(Saved entries)
(* Let $n\ge 2$ and let $A\in\mathrm{GL}(n,2)$ be arbitrary, with columns $\mathbf{a}_1,\dots,\mathbf{a}_n\in\mathbb{F}_2^n$. Then there exist two probability distributions $p,q\in\Delta(\mathbb{F}_2^n)$ such that $\widehat p(\mathbf{a}_i)=\widehat q(\mathbf{a}_i)$ for all $i\in\{1,\dots,n\}$, but $p(\mathbf{0})\neq q(\mathbf{0})$.
   Context: $\mathbb{F}_2$ is the field with two elements; $\mathrm{GL}(n,2)$ is the group of invertible $n\times n$ matrices over $\mathbb{F}_2$. $\Delta(\mathbb{F}_2^n)$ denotes the set of probability distributions on $\mathbb{F}_2^n$. For $\mathbf{u},\mathbf{s}\in\mathbb{F}_2^n$, $\mathbf{u}\cdot\mathbf{s}=\sum_j u_js_j \pmod 2$. For $p\in\Delta(\mathbb{F}_2^n)$ the Walsh transform is $\widehat p(\mathbf{u})=\sum_{\mathbf{s}\in\mathbb{F}_2^n}(-1)^{\mathbf{u}\cdot\mathbf{s}}p(\mathbf{s})$. (Physical interpretation: $p$ is the syndrome distribution of a state relative to an $n$-qubit stabilizer state, $p(\mathbf{0})$ is the fidelity, and $\widehat p(\mathbf{a}_i)$ are the expectations of the generators in the gauge $A$.) *)

From HB Require Import structures.
From mathcomp Require Import all_boot all_order all_algebra.
From mathcomp Require Import reals.
Set Implicit Arguments. Unset Strict Implicit. Unset Printing Implicit Defensive.
Import Order.TTheory GRing.Theory Num.Theory.
Local Open Scope ring_scope.

Definition dotF2 (n : nat) (u s : 'rV['F_2]_n) : 'F_2 :=
  \sum_(j < n) u 0 j * s 0 j.

Definition sgn_dot (R : realType) (n : nat) (u s : 'rV['F_2]_n) : R :=
  if dotF2 u s == 0 then 1 else -1.

Definition is_distribution (R : realType) (n : nat) (p : 'rV['F_2]_n -> R) : Prop :=
  (forall s, 0 <= p s) /\ \sum_(s : 'rV['F_2]_n) p s = 1.

Definition walsh (R : realType) (n : nat) (p : 'rV['F_2]_n -> R) (u : 'rV['F_2]_n) : R :=
  \sum_(s : 'rV['F_2]_n) sgn_dot R u s * p s.

From HB Require Import structures.
From mathcomp Require Import all_boot all_order all_algebra.
From mathcomp Require Import reals.
Import Order.TTheory GRing.Theory Num.Theory.
Set Implicit Arguments. Unset Strict Implicit.
Local Open Scope ring_scope.

(* Choose s with a_i . s = 1 for every column a_i of A (possible as A is
   invertible).  Then (-1)^(u . (s + t)) = - (-1)^(u . t) for each u = a_i, so
   the uniform distribution on {t, s + t} has vanishing Walsh transform at all
   the a_i, whatever t is.  Taking t = 0 gives positive fidelity, while for
   n >= 2 some t avoids both 0 and -s, which gives fidelity 0. *)

Lemma exists_neq2 (T : finType) (a b : T) :
  (2 < #|T|)%N -> exists t, t != a /\ t != b.
Proof.
move=> T_gt2; have : (0 < #|~: [set a; b]|)%N.
  by rewrite cardsCs setCK cards2 subn_gt0 (leq_ltn_trans _ T_gt2) // ltnS leq_b1.
case/card_gt0P => t; rewrite !inE negb_or => /andP[ta tb].
by exists t.
Qed.

Lemma card_rowF2 (n : nat) : #|{: 'rV['F_2]_n}| = (2 ^ n)%N.
Proof. by rewrite card_mx card_Fp // mul1n. Qed.

Lemma dotF2_colT (n : nat) (A : 'M['F_2]_n) (s : 'rV['F_2]_n) (i : 'I_n) :
  dotF2 (col i A)^T s = (s *m A) 0 i.
Proof. by rewrite /dotF2 mxE; apply: eq_bigr => j _; rewrite !mxE mulrC. Qed.

Lemma exists_dotF2_cols_eq1 (n : nat) (A : 'M['F_2]_n) :
  A \in unitmx -> exists s, forall i : 'I_n, dotF2 (col i A)^T s = 1.
Proof.
move=> A_unit; exists (const_mx 1 *m invmx A) => i.
by rewrite dotF2_colT mulmxKV // mxE.
Qed.

Lemma dotF2D (n : nat) (u s t : 'rV['F_2]_n) :
  dotF2 u (s + t) = dotF2 u s + dotF2 u t.
Proof.
by rewrite /dotF2 -big_split; apply: eq_bigr => j _; rewrite mxE mulrDr.
Qed.

Lemma sgn_dot_shift (R : realType) (n : nat) (u s t : 'rV['F_2]_n) :
  dotF2 u s = 1 -> sgn_dot R u (s + t) = - sgn_dot R u t.
Proof.
rewrite /sgn_dot dotF2D => ->.
by case: (dotF2 u t) => [[|[|k]] //] ?; rewrite ?opprK.
Qed.

Section PairDistribution.

Variables (R : realType) (n : nat).

Definition pair_distr (a b : 'rV['F_2]_n) (s : 'rV['F_2]_n) : R :=
  ((s == a)%:R + (s == b)%:R) / 2.

Lemma sum_indicator (F : 'rV['F_2]_n -> R) (a : 'rV['F_2]_n) :
  \sum_s F s * (s == a)%:R = F a.
Proof.
rewrite (bigD1 a) //= eqxx mulr1 big1 ?addr0 // => s /negbTE ->.
by rewrite mulr0.
Qed.

Lemma pair_distr_is_distribution (a b : 'rV['F_2]_n) :
  is_distribution (pair_distr a b).
Proof.
split=> [s|]; first by rewrite divr_ge0 ?addr_ge0 ?ler0n.
rewrite -mulr_suml big_split /=.
have sum1 (c : 'rV['F_2]_n) : \sum_s (s == c)%:R = 1 :> R.
  by rewrite -[RHS](sum_indicator (fun=> 1) c); apply: eq_bigr => s _; rewrite mul1r.
by rewrite !sum1 -mulr2n divff ?pnatr_eq0.
Qed.

Lemma walsh_pair_distr (a b u : 'rV['F_2]_n) :
  walsh (pair_distr a b) u = (sgn_dot R u a + sgn_dot R u b) / 2.
Proof.
rewrite /walsh; under eq_bigr do rewrite mulrA mulrDr.
by rewrite -mulr_suml big_split /= !sum_indicator.
Qed.

Lemma walsh_pair_distr_shift (s t u : 'rV['F_2]_n) :
  dotF2 u s = 1 -> walsh (pair_distr t (s + t)) u = 0.
Proof.
by move=> us1; rewrite walsh_pair_distr sgn_dot_shift // subrr mul0r.
Qed.

Lemma pair_distr_gt0 (a b : 'rV['F_2]_n) : 0 < pair_distr a b a.
Proof. by rewrite divr_gt0 // eqxx ltr_pwDl ?ler0n ?ltr01. Qed.

Lemma pair_distr_eq0 (a b s : 'rV['F_2]_n) :
  s != a -> s != b -> pair_distr a b s = 0.
Proof. by rewrite /pair_distr => /negbTE-> /negbTE->; rewrite addr0 mul0r. Qed.

End PairDistribution.

Theorem proposition1 (R : realType) (n : nat) (hn : (2 <= n)%N)
  (A : 'M['F_2]_n) (hA : A \in unitmx) :
  exists p q : 'rV['F_2]_n -> R,
    [/\ is_distribution p, is_distribution q,
        (forall i : 'I_n, walsh p (col i A)^T = walsh q (col i A)^T)
      & p 0 <> q 0].
Proof.
have [s dot_s] := exists_dotF2_cols_eq1 hA.
have [t [t_neq0 t_neqNs]] : exists t, t != 0 /\ t != - s.
  apply: exists_neq2; rewrite card_rowF2.
  by rewrite (leq_trans _ (leq_pexp2l (isT : (0 < 2)%N) hn)).
exists (pair_distr R 0 (s + 0)), (pair_distr R t (s + t)); split.
- exact: pair_distr_is_distribution.
- exact: pair_distr_is_distribution.
- by move=> i; rewrite !walsh_pair_distr_shift.
have q0_eq0 : pair_distr R t (s + t) 0 = 0.
  by apply: pair_distr_eq0; rewrite eq_sym // addrC addr_eq0.
by rewrite q0_eq0; apply/eqP; rewrite lt0r_neq0 ?pair_distr_gt0.
Qed.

▶ [TASK DIRECTIONS]
Each line of the data that contains "unitmx" belongs in the answer.

▶ [SOLUTION TO THE PROBLEM]
  A \in unitmx -> exists s, forall i : 'I_n, dotF2 (col i A)^T s = 1.
  (A : 'M['F_2]_n) (hA : A \in unitmx) :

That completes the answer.